Faith compels its followers to seek peace and justice. The role of faith in peacemaking is evident through many modern examples. Men of faith–Mahatma Gandhi, Dr. Martin Luther King, Jr. and Archbishop Desmond Tutu–led some of the twentieth century’s greatest movements for peaceful change. Menachem Begin and Anwar el–Sadat were willing to take great personal risks for peace because of their religious convictions. “Each of the principals at Camp David recognized peace to be both a gift from God and a preeminent human obligation,” noted former President Jimmy Carter. “To have overlooked the importance of religion for both Sadat and Begin would have resulted in a failure to understand these two men. Such a failure could have had a pervasive and incalculable impact.”

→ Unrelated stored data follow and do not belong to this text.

(* Let $p\ge 2$ be an integer and let $C_p(n)=\frac{(pn)!}{((p-1)n+1)!\,n!}=\frac{1}{(p-1)n+1}\binom{pn}{n}$ be the Fuss–Catalan numbers. Then the sequence $\{C_p(n)\}_{n\geq0}$ is infinitely log-monotonic.
   Context: For a sequence $\{z_n\}$ of positive numbers, define the operator $R\{z_n\}=\{z_{n+1}/z_n\}$. A sequence of positive numbers $\{x_n\}$ is log-convex if $x_{n-1}x_{n+1}\ge x_n^2$ and log-concave if $x_{n-1}x_{n+1}\le x_n^2$, for all indices where these terms are defined. A sequence $\{z_n\}$ is log-monotonic of order $k$ if for every odd $r\le k-1$ the sequence $R^r\{z_n\}$ is log-concave and for every even $r\le k-1$ (including $r=0$) the sequence $R^r\{z_n\}$ is log-convex. It is infinitely log-monotonic if it is log-monotonic of order $k$ for every integer $k\ge0$. *)

From mathcomp Require Import all_boot all_order all_algebra.
Set Implicit Arguments. Unset Strict Implicit. Unset Printing Implicit Defensive.
Import Order.TTheory GRing.Theory Num.Theory.
Local Open Scope ring_scope.

Definition ratio_seq {R : realFieldType} (z : nat -> R) : nat -> R :=
  fun n => z n.+1 / z n.

(* log-convex: x_{n-1} x_{n+1} >= x_n^2 for all indices where defined
   (sequence indexed by n >= 0, so for all n >= 1). *)
Definition log_convex {R : realFieldType} (x : nat -> R) : Prop :=
  forall n : nat, x n.+1 ^+ 2 <= x n * x n.+2.

Definition log_concave {R : realFieldType} (x : nat -> R) : Prop :=
  forall n : nat, x n * x n.+2 <= x n.+1 ^+ 2.

Definition log_monotonic_order {R : realFieldType} (k : nat) (z : nat -> R) : Prop :=
  forall r : nat, (r < k)%N ->
    (odd r -> log_concave (iter r ratio_seq z)) /\
    (~~ odd r -> log_convex (iter r ratio_seq z)).

Definition infinitely_log_monotonic {R : realFieldType} (z : nat -> R) : Prop :=
  forall k : nat, log_monotonic_order k z.

Definition fuss_catalan {R : realFieldType} (p n : nat) : R :=
  ((p * n)`!)%:R / ((((p - 1) * n).+1)`! * n`!)%:R.

From mathcomp Require Import all_boot all_order all_algebra.
From mathcomp Require Import ring zify.
From mathcomp Require Import boolp reals normedtype derive realfun exp Rstruct.

(* The ratio C_p(n+1) / C_p(n) equals c * prod_(i < p-1) (n + a_i) / (n + b_i) with
   0 < a_i <= b_i.  Since ln (R z) is the forward difference D (ln z), the sequence
   R^r z is log-convex (log-concave) iff D^(r+2) (ln z) >= 0 (<= 0), and
   D (ln z) (n) = ln c - sum_i (ln (n + b_i) - ln (n + a_i)).  Each summand satisfies
   (-1)^k D^k (ln (n + b) - ln (n + a)) >= 0, because (-1)^k D^k ln is nondecreasing on
   (0, +oo): its derivative is (-1)^k D^k (1/x) = k! / prod_(j <= k) (x + j) >= 0.
   As the Fuss-Catalan numbers are rational, the result over the reals transfers to
   every real field. *)

Set Implicit Arguments.
Unset Strict Implicit.
Unset Printing Implicit Defensive.

Import Order.TTheory GRing.Theory Num.Theory numFieldNormedType.Exports.
Local Open Scope ring_scope.

Definition fdiff {V : zmodType} (u : nat -> V) : nat -> V := fun n => u n.+1 - u n.

Section ForwardDifference.
Variable V : zmodType.
Implicit Types (u v : nat -> V) (k n : nat).

Lemma iter_fdiffS k u n :
  iter k.+1 fdiff u n = iter k fdiff u n.+1 - iter k fdiff u n.
Proof. by []. Qed.

Lemma iter_fdiffD k u v n :
  iter k fdiff (fun m => u m + v m) n = iter k fdiff u n + iter k fdiff v n.
Proof.
elim: k n => [//|k IH] n.
by rewrite !iter_fdiffS !IH opprD addrACA.
Qed.

Lemma iter_fdiffN k u n : iter k fdiff (fun m => - u m) n = - iter k fdiff u n.
Proof.
elim: k n => [//|k IH] n.
by rewrite !iter_fdiffS !IH opprD.
Qed.

Lemma iter_fdiffB k u v n :
  iter k fdiff (fun m => u m - v m) n = iter k fdiff u n - iter k fdiff v n.
Proof. by rewrite iter_fdiffD iter_fdiffN. Qed.

Lemma iter_fdiff0 k n : iter k fdiff (fun=> 0 : V) n = 0.
Proof. by elim: k n => [//|k IH] n; rewrite iter_fdiffS !IH subrr. Qed.

Lemma iter_fdiffS_cst k (c : V) n : iter k.+1 fdiff (fun=> c) n = 0.
Proof.
rewrite iterSr (_ : fdiff _ = fun=> 0) ?iter_fdiff0 //.
by apply/funext => m; rewrite /fdiff subrr.
Qed.

Lemma iter_fdiff_sum (I : Type) (r : seq I) (F : I -> nat -> V) k n :
  iter k fdiff (fun m => \sum_(i <- r) F i m) n = \sum_(i <- r) iter k fdiff (F i) n.
Proof.
elim: r => [|i r IH].
  rewrite big_nil (_ : (fun m => _) = fun=> 0) ?iter_fdiff0 //.
  by apply/funext => m; rewrite big_nil.
rewrite big_cons -IH -iter_fdiffD; congr (iter k fdiff _ n).
by apply/funext => m; rewrite big_cons.
Qed.

End ForwardDifference.

Definition rdiff {R : numDomainType} (f : R -> R) : R -> R := fun x => f (x + 1) - f x.

Lemma iter_rdiff_inv (R : numFieldType) k (s : R) : 0 < s ->
  iter k rdiff (fun y => y^-1) s = (-1) ^+ k * k`!%:R / \prod_(i < k.+1) (s + i%:R).
Proof.
have prod_gt0 j (t : R) : 0 < t -> 0 < \prod_(i < j) (t + i%:R).
  by move=> t0; apply: prodr_gt0 => i _; rewrite ltr_wpDr.
elim: k s => [|k IH] s s0; first by rewrite big_ord1 addr0 expr0 mul1r div1r.
rewrite /= /rdiff IH ?addr_gt0 // IH //.
set P := \prod_(i < k.+2) (s + i%:R).
have P_gt0 : 0 < P by exact: prod_gt0.
have shiftP : \prod_(i < k.+1) (s + 1 + i%:R) = P / s.
  rewrite /P [X in _ = X / _]big_ord_recl /= addr0 [s * _]mulrC mulfK ?gt_eqF //.
  by apply: eq_bigr => i _; rewrite /bump leq0n add1n -natr1 addrA addrAC.
have truncP : \prod_(i < k.+1) (s + i%:R) = P / (s + k.+1%:R).
  by rewrite /P [X in _ = X / _]big_ord_recr mulfK ?gt_eqF ?ltr_wpDr.
rewrite shiftP truncP factS natrM exprS -natr1.
field.
by rewrite !gt_eqF ?ltr_wpDr ?natr1.
Qed.

Lemma signed_iter_rdiff_inv_ge0 (R : numFieldType) k (s : R) : 0 < s ->
  0 <= (-1) ^+ k * iter k rdiff (fun y => y^-1) s.
Proof.
move=> s0; rewrite iter_rdiff_inv // !mulrA -exprMn mulrNN mulr1 expr1n mul1r.
by apply: divr_ge0 => //; apply: prodr_ge0 => i _; rewrite addr_ge0 // ltW.
Qed.

Lemma iter_fdiff_shift (R : numDomainType) (f : R -> R) (t : R) k n :
  iter k fdiff (fun m => f (m%:R + t)) n = iter k rdiff f (n%:R + t).
Proof.
elim: k n => [//|k IH] n.
by rewrite iter_fdiffS !IH /= /rdiff -addn1 natrD addrAC.
Qed.

Section RealAnalysis.
Variable R : realType.

Lemma is_derive_iter_rdiff (f df : R -> R) :
  (forall x : R, 0 < x -> is_derive x 1 f (df x)) ->
  forall k (s : R), 0 < s -> is_derive s 1 (iter k rdiff f) (iter k rdiff df s).
Proof.
move=> fd; elim=> [|k IH] s s0 /=; first exact: fd.
have shifted : is_derive s 1 (iter k rdiff f \o shift 1) (iter k rdiff df (s + 1)).
  rewrite -[X in is_derive _ _ _ X]mulr1.
  by apply: is_derive1_comp; [apply: IH; rewrite addr_gt0 | exact: is_derive_shift].
exact: is_deriveB shifted (IH s s0).
Qed.

Lemma ger0_is_derive_le (f df : R -> R) (a b : R) : a <= b ->
  (forall x : R, a <= x <= b -> is_derive x 1 f (df x)) ->
  (forall x, a <= x <= b -> 0 <= df x) -> f a <= f b.
Proof.
move=> ab fd dfge0.
have [c] : exists2 c, c \in `[a, b]%R & f b - f a = df c * (b - a).
  apply: MVT_segment => // [x|].
    by rewrite in_itv => /andP[ax xb]; apply: fd; rewrite !ltW.
  by apply: derivable_within_continuous => x; rewrite in_itv => /fd [].
rewrite in_itv => /dfge0 dfc0 fab.
by rewrite -subr_ge0 fab mulr_ge0 // subr_ge0.
Qed.

Lemma signed_iter_rdiff_ln_le k (a b : R) : 0 < a -> a <= b ->
  (-1) ^+ k * iter k rdiff (@ln R) a <= (-1) ^+ k * iter k rdiff (@ln R) b.
Proof.
move=> a0 ab.
pose sgn (g : R -> R) x := (-1) ^+ k * iter k rdiff g x.
apply: (@ger0_is_derive_le (sgn (@ln R)) (sgn (fun y => y^-1))) => // x.
- move=> /andP[ax _]; apply: is_deriveZ.
  apply: (@is_derive_iter_rdiff _ (fun y => y^-1) (@is_derive1_ln R)).
  exact: lt_le_trans ax.
- by move=> /andP[ax _]; apply: signed_iter_rdiff_inv_ge0; exact: lt_le_trans ax.
Qed.

Lemma signed_iter_fdiff_ln_ratio_ge0 k (a b : R) n : 0 < a -> a <= b ->
  0 <= (-1) ^+ k * iter k fdiff (fun m => ln (m%:R + b) - ln (m%:R + a)) n.
Proof.
move=> a0 ab; rewrite iter_fdiffB !iter_fdiff_shift mulrBr subr_ge0.
by apply: signed_iter_rdiff_ln_le; rewrite ?ltr_wpDl // lerD2l.
Qed.

End RealAnalysis.

Lemma iter_ratio_seq_gt0 (F : realFieldType) (z : nat -> F) :
  (forall n, 0 < z n) -> forall r n, 0 < iter r ratio_seq z n.
Proof. by move=> z0; elim=> [//|r IH] n; rewrite /= /ratio_seq divr_gt0. Qed.

Section LogMonotonicity.
Variable R : realType.
Implicit Types z x : nat -> R.

Lemma ln_prod (I : Type) (r : seq I) (F : I -> R) : (forall i, 0 < F i) ->
  ln (\prod_(i <- r) F i) = \sum_(i <- r) ln (F i).
Proof.
move=> F0; elim: r => [|i r IH]; first by rewrite !big_nil ln1.
by rewrite !big_cons lnM ?IH // posrE // prodr_gt0.
Qed.

Lemma ln_iter_ratio_seq z : (forall n, 0 < z n) ->
  forall r n, ln (iter r ratio_seq z n) = iter r fdiff (fun m => ln (z m)) n.
Proof.
move=> z0; elim=> [//|r IH] n.
by rewrite iter_fdiffS /= /ratio_seq ln_div ?posrE ?iter_ratio_seq_gt0 // !IH.
Qed.

Lemma fdiff2_ln x n : (forall n, 0 < x n) ->
  iter 2 fdiff (fun m => ln (x m)) n = ln (x n * x n.+2) - ln (x n.+1 ^+ 2).
Proof. by move=> x0; rewrite /= /fdiff lnM ?lnXn ?posrE // mulr2n; ring. Qed.

Lemma log_convex_fdiff2 x : (forall n, 0 < x n) ->
  log_convex x <-> forall n, 0 <= iter 2 fdiff (fun m => ln (x m)) n.
Proof.
move=> x0; have e n : (x n.+1 ^+ 2 <= x n * x n.+2) = (0 <= iter 2 fdiff (fun m => ln (x m)) n).
  by rewrite fdiff2_ln // subr_ge0 ler_ln // posrE ?exprn_gt0 ?mulr_gt0.
by split=> h n; [rewrite -e | rewrite e]; apply: h.
Qed.

Lemma log_concave_fdiff2 x : (forall n, 0 < x n) ->
  log_concave x <-> forall n, iter 2 fdiff (fun m => ln (x m)) n <= 0.
Proof.
move=> x0; have e n : (x n * x n.+2 <= x n.+1 ^+ 2) = (iter 2 fdiff (fun m => ln (x m)) n <= 0).
  by rewrite fdiff2_ln // subr_le0 ler_ln // posrE ?exprn_gt0 ?mulr_gt0.
by split=> h n; [rewrite -e | rewrite e]; apply: h.
Qed.

Lemma infinitely_log_monotonic_fdiff_ln z : (forall n, 0 < z n) ->
  (forall r n, 0 <= (-1) ^+ r * iter r.+2 fdiff (fun m => ln (z m)) n) ->
  infinitely_log_monotonic z.
Proof.
move=> z0 sgn k r _.
have w0 := iter_ratio_seq_gt0 z0 r.
have fd2 n : iter 2 fdiff (fun m => ln (iter r ratio_seq z m)) n =
    iter r.+2 fdiff (fun m => ln (z m)) n.
  by rewrite (funext (ln_iter_ratio_seq z0 r)) -iterD add2n.
split=> ro; [apply/log_concave_fdiff2 | apply/log_convex_fdiff2] => // n;
  move: (sgn r n); rewrite -fd2 -signr_odd.
- by rewrite ro expr1 mulN1r oppr_ge0.
- by rewrite (negbTE ro) expr0 mul1r.
Qed.

Theorem infinitely_log_monotonic_ratio z (c : R) s (a b : 'I_s -> R) :
  (forall n, 0 < z n) -> 0 < c -> (forall i, 0 < a i <= b i) ->
  (forall n, z n.+1 = z n * c * \prod_(i < s) ((n%:R + a i) / (n%:R + b i))) ->
  infinitely_log_monotonic z.
Proof.
move=> z0 c0 ab zS; apply: infinitely_log_monotonic_fdiff_ln => // r n.
have a_gt0 i m : 0 < m%:R + a i by rewrite ltr_wpDl //; case/andP: (ab i).
have b_gt0 i m : 0 < m%:R + b i.
  by rewrite ltr_wpDl //; case/andP: (ab i) => /lt_le_trans; apply.
have dlnz : fdiff (fun m => ln (z m)) =
    (fun m => ln c - \sum_(i < s) (ln (m%:R + b i) - ln (m%:R + a i))).
  apply/funext => m; rewrite /fdiff zS.
  rewrite !lnM ?posrE ?mulr_gt0 ?prodr_gt0 // => [|i _]; last by rewrite divr_gt0.
  rewrite ln_prod => [|i]; last by rewrite divr_gt0.
  under eq_bigr do rewrite ln_div ?posrE //.
  by rewrite !sumrB; ring.
rewrite iterSr dlnz iter_fdiffB iter_fdiffS_cst sub0r iter_fdiff_sum.
rewrite mulrN -mulNr -mulN1r -exprS mulr_sumr.
apply: sumr_ge0 => i _; case/andP: (ab i) => a0 ab_i.
exact: signed_iter_fdiff_ln_ratio_ge0.
Qed.

End LogMonotonicity.

Lemma factD a b : ((a + b)`! = a`! * \prod_(i < b) (a + i.+1))%N.
Proof.
elim: b => [|b IH]; first by rewrite addn0 big_ord0 muln1.
rewrite addnS factS IH big_ord_recr /= mulnCA; congr (_ * _)%N.
by rewrite mulnC addnS.
Qed.

Lemma fuss_catalan_gt0 (F : realFieldType) p n : 0 < fuss_catalan p n :> F.
Proof. by rewrite divr_gt0 // ltr0n ?muln_gt0 !fact_gt0. Qed.

Lemma fuss_catalanS (F : realFieldType) m n :
  fuss_catalan m.+1 n.+1 = fuss_catalan m.+1 n * m.+1%:R *
    \prod_(i < m) ((m.+1 * n + i.+1)%:R / (m * n + i.+2)%:R) :> F.
Proof.
rewrite /fuss_catalan subn1 /= prodf_div -!natr_prod.
have -> : (m.+1 * n.+1 = m.+1 * n + m.+1)%N by rewrite mulnS addnC.
have -> : ((m * n.+1).+1 = (m * n).+1 + m)%N by rewrite mulnS; lia.
rewrite !factD big_ord_recr /= factS.
have -> : (\prod_(i < m) ((m * n).+1 + i.+1) = \prod_(i < m) (m * n + i.+2))%N.
  by apply: eq_bigr => i _; rewrite addSnnS.
have -> : (m.+1 * n + m.+1 = m.+1 * n.+1)%N by rewrite mulnS addnC.
rewrite !natrM.
field.
rewrite !gt_eqF ?ltr_pwDl ?mulr_ge0 ?ltr0n ?fact_gt0 //.
by apply: prodn_gt0 => i; rewrite addnS.
Qed.

Lemma fuss_catalan_ratio (F : realFieldType) m n : (0 < m)%N ->
  fuss_catalan m.+1 n.+1 = fuss_catalan m.+1 n * (m.+1%:R * (m.+1%:R / m%:R) ^+ m) *
    \prod_(i < m) ((n%:R + i.+1%:R / m.+1%:R) / (n%:R + i.+2%:R / m%:R)) :> F.
Proof.
move=> m_gt0.
have factor (i : 'I_m) : (m.+1 * n + i.+1)%:R / (m * n + i.+2)%:R =
    m.+1%:R / m%:R * ((n%:R + i.+1%:R / m.+1%:R) / (n%:R + i.+2%:R / m%:R)) :> F.
  rewrite !natrD !natrM; field.
  by rewrite nat1r -natrM -!natrD !pnatr_eq0; lia.
rewrite fuss_catalanS; under eq_bigr do rewrite factor.
rewrite big_split prodr_const card_ord /=.
by rewrite !mulrA.
Qed.

Lemma fuss_catalan_infinitely_log_monotonic (R : realType) m :
  infinitely_log_monotonic (fun n => @fuss_catalan R m.+2 n).
Proof.
apply: (infinitely_log_monotonic_ratio
  (c := m.+2%:R * (m.+2%:R / m.+1%:R) ^+ m.+1)
  (a := fun i : 'I_m.+1 => i.+1%:R / m.+2%:R) (b := fun i => i.+2%:R / m.+1%:R)).
- exact: fuss_catalan_gt0.
- by rewrite mulr_gt0 // exprn_gt0 // divr_gt0.
- move=> i; rewrite divr_gt0 //= ler_pdivrMr // mulrAC ler_pdivlMr // -!natrM ler_nat.
  nia.
- by move=> n; rewrite fuss_catalan_ratio.
Qed.

Section RationalTransfer.
Variable F : realFieldType.
Implicit Type u : nat -> rat.

Lemma fuss_catalan_ratr p :
  (fun n => fuss_catalan p n) = (fun n => ratr (fuss_catalan p n)) :> (nat -> F).
Proof. by apply/funext => n; rewrite /fuss_catalan fmorph_div !rmorph_nat. Qed.

Lemma iter_ratio_seq_ratr u r :
  iter r ratio_seq (fun n => ratr (u n) : F) = (fun n => ratr (iter r ratio_seq u n)).
Proof. by elim: r => [//|r IH]; apply/funext => n; rewrite /= IH /ratio_seq fmorph_div. Qed.

Lemma log_convex_ratr u : log_convex (fun n => ratr (u n) : F) <-> log_convex u.
Proof.
have e n : (ratr (u n.+1) ^+ 2 <= ratr (u n) * ratr (u n.+2) :> F) =
    (u n.+1 ^+ 2 <= u n * u n.+2) by rewrite -rmorphXn -rmorphM ler_rat.
by split=> h n; [rewrite -e | rewrite e]; apply: h.
Qed.

Lemma log_concave_ratr u : log_concave (fun n => ratr (u n) : F) <-> log_concave u.
Proof.
have e n : (ratr (u n) * ratr (u n.+2) <= ratr (u n.+1) ^+ 2 :> F) =
    (u n * u n.+2 <= u n.+1 ^+ 2) by rewrite -rmorphXn -rmorphM ler_rat.
by split=> h n; [rewrite -e | rewrite e]; apply: h.
Qed.

Lemma infinitely_log_monotonic_ratr u :
  infinitely_log_monotonic (fun n => ratr (u n) : F) <-> infinitely_log_monotonic u.
Proof.
split=> h k r rk; have [hodd heven] := h k r rk; rewrite ?iter_ratio_seq_ratr in hodd heven *.
  by split=> ro; [apply/(log_concave_ratr _).1/hodd | apply/(log_convex_ratr _).1/heven].
by split=> ro; [apply/log_concave_ratr/hodd | apply/log_convex_ratr/heven].
Qed.

End RationalTransfer.

Theorem corollary3p4 (R : realFieldType) (p : nat) (hp : (2 <= p)%N) :
  infinitely_log_monotonic (fun n : nat => @fuss_catalan R p n).
Proof.
have [m ->] : exists m, p = m.+2 by exists p.-2; lia.
rewrite fuss_catalan_ratr; apply/infinitely_log_monotonic_ratr.
apply/(infinitely_log_monotonic_ratr Rdefinitions.R); rewrite -fuss_catalan_ratr.
exact: fuss_catalan_infinitely_log_monotonic.
Qed.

In recent decades, the vast majority of wars have been intra–state conflicts. Here, too, the church and other faith–based institutions are important actors. The role of the churches is considered central, if not critical, to a relatively peaceful transition to multi–ethnic democracy in South Africa. The Quakers have been active in conciliation and peace efforts in the Biafran war, Nicaragua, and elsewhere. In Biafra, the Quakers were seen as trustworthy by both sides in the conflict. Asked whether the Quakers were regarded as religious or secular actors, then Secretary–General of the British Commonwealth Arnold Smith replied, “I think people who knew them understood that their motivation was spiritual. But spiritual is not an opposite of secular; it’s an attitude of values, of how one deals in secular matters.”

The Future of Faith–based NGOs. Faith–based organizations must view developing countries not only as recipients of aid, but also as equal partners. For World Vision, this led to a risky move toward partnership with entities in the industrialized and the developing world, each locally governed and legally autonomous. The resulting international board is composed of representatives from nineteen countries and seven regions, nine of whom are from developing countries. The only glue that unites these partners is a common mission, core values, and a covenant.

Faith–based organizations believe that development is a means to an end, not an end in itself. The true goal is transformation. The focus is not on transferring resources, building capacity, or increasing choices. It is on changing people. At the heart of all the major faiths is the aim of personal transformation–to draw nearer to the divine, to gain a true understanding of the meaning of life, and to reach inner peace and contentment. Isaiah writes that when the poor hear the good news and receive freedom, they become “oaks of righteousness . . . that rebuild the ancient ruins and restore the places long devastated.” People, not programs, restore their worlds.

World Vision is an international Christian relief and development organization. It currently supports more than 3,400 projects in nearly 100 countries worldwide.